This is the first multivariable study examining the predictability of CCu in individuals with ROP and CHR based on unimodal and multimodal data domains. Our study adds to previous investigations by indicating (1) a potentially generalizable predictor for risk of CCu in a sample of patients who are particularly vulnerable to the harmful effects of cannabis consumption4, and (2) by revealing a pattern of factors that might be further investigated to ultimately inform the design of tailored preventive strategies.

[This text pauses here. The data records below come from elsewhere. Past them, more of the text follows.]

(* Let $m,n\geq2$ and let $\mathbf p\in\mathbb R^m$, $\mathbf q\in\mathbb R^n$ be probability vectors with all entries strictly positive. If $P\in\mathcal C(\mathbf p,\mathbf q)$ is local optimal and $V(P)$ is a tree, then $|V(P)|=m+n-1$.
   Context: $\mathcal C(\mathbf p,\mathbf q)$: nonnegative $m\times n$ matrices $P=(p_{i,j})$ with row sums $p_i$, column sums $q_j$. $V(P)=\{(i,j):p_{i,j}\neq0\}$. Graph notions on $[m]\times[n]$: distinct points adjacent iff they share a row or column; a circuit is a cyclic sequence $v_0,\dots,v_{s-1}$ ($s\ge4$) of pairwise distinct points $v_k=(i_k,j_k)$ with (indices mod $s$) $v_k,v_{k+1}$ adjacent and $(i_{k+2}-i_k)(j_{k+2}-j_k)\neq0$ for all $k$; a tree is a connected subset with no circuit. $H(A)=-\sum a_{i,j}\log a_{i,j}$ ($0\log0=0$). Moves on $P$ (each yields $P'\in\mathcal C(\mathbf p,\mathbf q)$ by replacing the chosen submatrix $A$ by $A'$): (M1) distinct rows $i_1,i_2$, distinct columns $j_1,j_2$, $a_{s,t}=p_{i_s,j_t}$; if $\max(a_{1,1},a_{2,2})\ge\max(a_{1,2},a_{2,1})$, put $b=\min(a_{1,2},a_{2,1})$, $a'_{s,s}=a_{s,s}+b$, $a'_{1,2}=a_{1,2}-b$, $a'_{2,1}=a_{2,1}-b$. (M2) same replacement, allowed when $a_{1,1}+a_{1,2}\ge a_{2,1}+a_{2,2}$, $a_{1,1}+a_{2,1}\ge a_{1,2}+a_{2,2}$, $a_{1,2}\ge a_{2,1}$. (M3) distinct rows $i_1,i_2$, distinct columns $j_1,\dots,j_r$ ($r\ge2$), $a_{s,k}=p_{i_s,j_k}$, allowed when $a_{2,k}=0$ ($k\ge2$) and $\sum_{k\ge2}a_{1,k}\le a_{2,1}\le\sum_{k\ge1}a_{1,k}$; replace by $a'_{1,1}=\sum_ka_{1,k}$, $a'_{1,k}=0$, $a'_{2,1}=a_{2,1}-\sum_{k\ge2}a_{1,k}$, $a'_{2,k}=a_{1,k}$ ($k\ge2$); moves may also be applied with rows and columns exchanged. $P$ is local optimal if no such move produces $P'$ with $H(P')<H(P)$. *)

From HB Require Import structures.
From mathcomp Require Import all_boot all_order all_algebra.
From mathcomp Require Import all_classical all_reals exp.
Set Implicit Arguments. Unset Strict Implicit. Unset Printing Implicit Defensive.
Import Order.TTheory GRing.Theory Num.Theory.
Local Open Scope ring_scope.

Section Defs.
Variable R : realType.

Definition xlogx (x : R) : R := if x == 0 then 0 else x * ln x.

Definition entropy m n (A : 'M[R]_(m, n)) : R :=
  - \sum_(i < m) \sum_(j < n) xlogx (A i j).

Definition coupling m n (p : 'I_m -> R) (q : 'I_n -> R) (P : 'M[R]_(m, n)) :=
  [/\ forall i j, 0 <= P i j,
      forall i, \sum_(j < n) P i j = p i &
      forall j, \sum_(i < m) P i j = q j].

Definition supp m n (P : 'M[R]_(m, n)) : {set 'I_m * 'I_n} :=
  [set x | P x.1 x.2 != 0].

(* Replacement used by moves M1 and M2:
   a'_{11} = a_{11}+b, a'_{22} = a_{22}+b, a'_{12} = a_{12}-b, a'_{21} = a_{21}-b *)
Definition swap2 m n (P : 'M[R]_(m, n)) i1 i2 j1 j2 (b : R) : 'M[R]_(m, n) :=
  \matrix_(i, j)
    (P i j + b * (((i == i1) && (j == j1))%:R + ((i == i2) && (j == j2))%:R
                 - ((i == i1) && (j == j2))%:R - ((i == i2) && (j == j1))%:R)).

Definition moveM1 m n (P P' : 'M[R]_(m, n)) :=
  exists i1 i2 j1 j2, [/\ i1 != i2, j1 != j2,
    Num.max (P i2 j2) (P i1 j1) >= Num.max (P i1 j2) (P i2 j1) &
    P' = swap2 P i1 i2 j1 j2 (Num.min (P i1 j2) (P i2 j1))].

Definition moveM2 m n (P P' : 'M[R]_(m, n)) :=
  exists i1 i2 j1 j2, [/\ i1 != i2, j1 != j2,
    [/\ P i1 j1 + P i1 j2 >= P i2 j1 + P i2 j2,
        P i1 j1 + P i2 j1 >= P i1 j2 + P i2 j2 &
        P i1 j2 >= P i2 j1] &
    P' = swap2 P i1 i2 j1 j2 (Num.min (P i1 j2) (P i2 j1))].

(* Move M3, in the row orientation: columns j_1 = j1 and {j_2,...,j_r} = J
   (r >= 2 means #|J| > 0; distinctness means j1 \notin J). *)
Definition moveM3_result m n (P : 'M[R]_(m, n)) i1 i2 j1 (J : {set 'I_n}) :
  'M[R]_(m, n) :=
  \matrix_(i, j)
    (if i == i1 then
       (if j == j1 then P i1 j1 + \sum_(k in J) P i1 k
        else if j \in J then 0 else P i j)
     else if i == i2 then
       (if j == j1 then P i2 j1 - \sum_(k in J) P i1 k
        else if j \in J then P i1 j else P i j)
     else P i j).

We found evidence supporting the feasibility of generalizable and significant prediction, correctly predicting CCu and DCu within nine months after baseline in 73.3% of ROP patients, based solely on their baseline clinical data. This model generalized to CHR patients only slightly above chance (BAC = 58.7%). The most important predictors of CCu were lower lifetime best role functioning and the lifetime number of illicit substances consumed other than cannabis. Predictive performance was not improved by augmenting the model with cognitive or GMV data. Further, we found that CCu was significantly associated with worse clinical outcomes in psychotic patients, and interacted with longitudinal depressive symptoms in at-risk individuals, thus confirming the importance of timely efforts to discourage CCu in these clinical groups.

Baseline clinical predictors of continued cannabis use

Our finding that the predictive power of interview-based variables outperforms other data modalities is in line with earlier results in CHR and ROP samples presenting predictive models of other clinical outcomes, such as treatment outcome after a first episode40, transition to psychosis41,49,50,51 or global functioning37.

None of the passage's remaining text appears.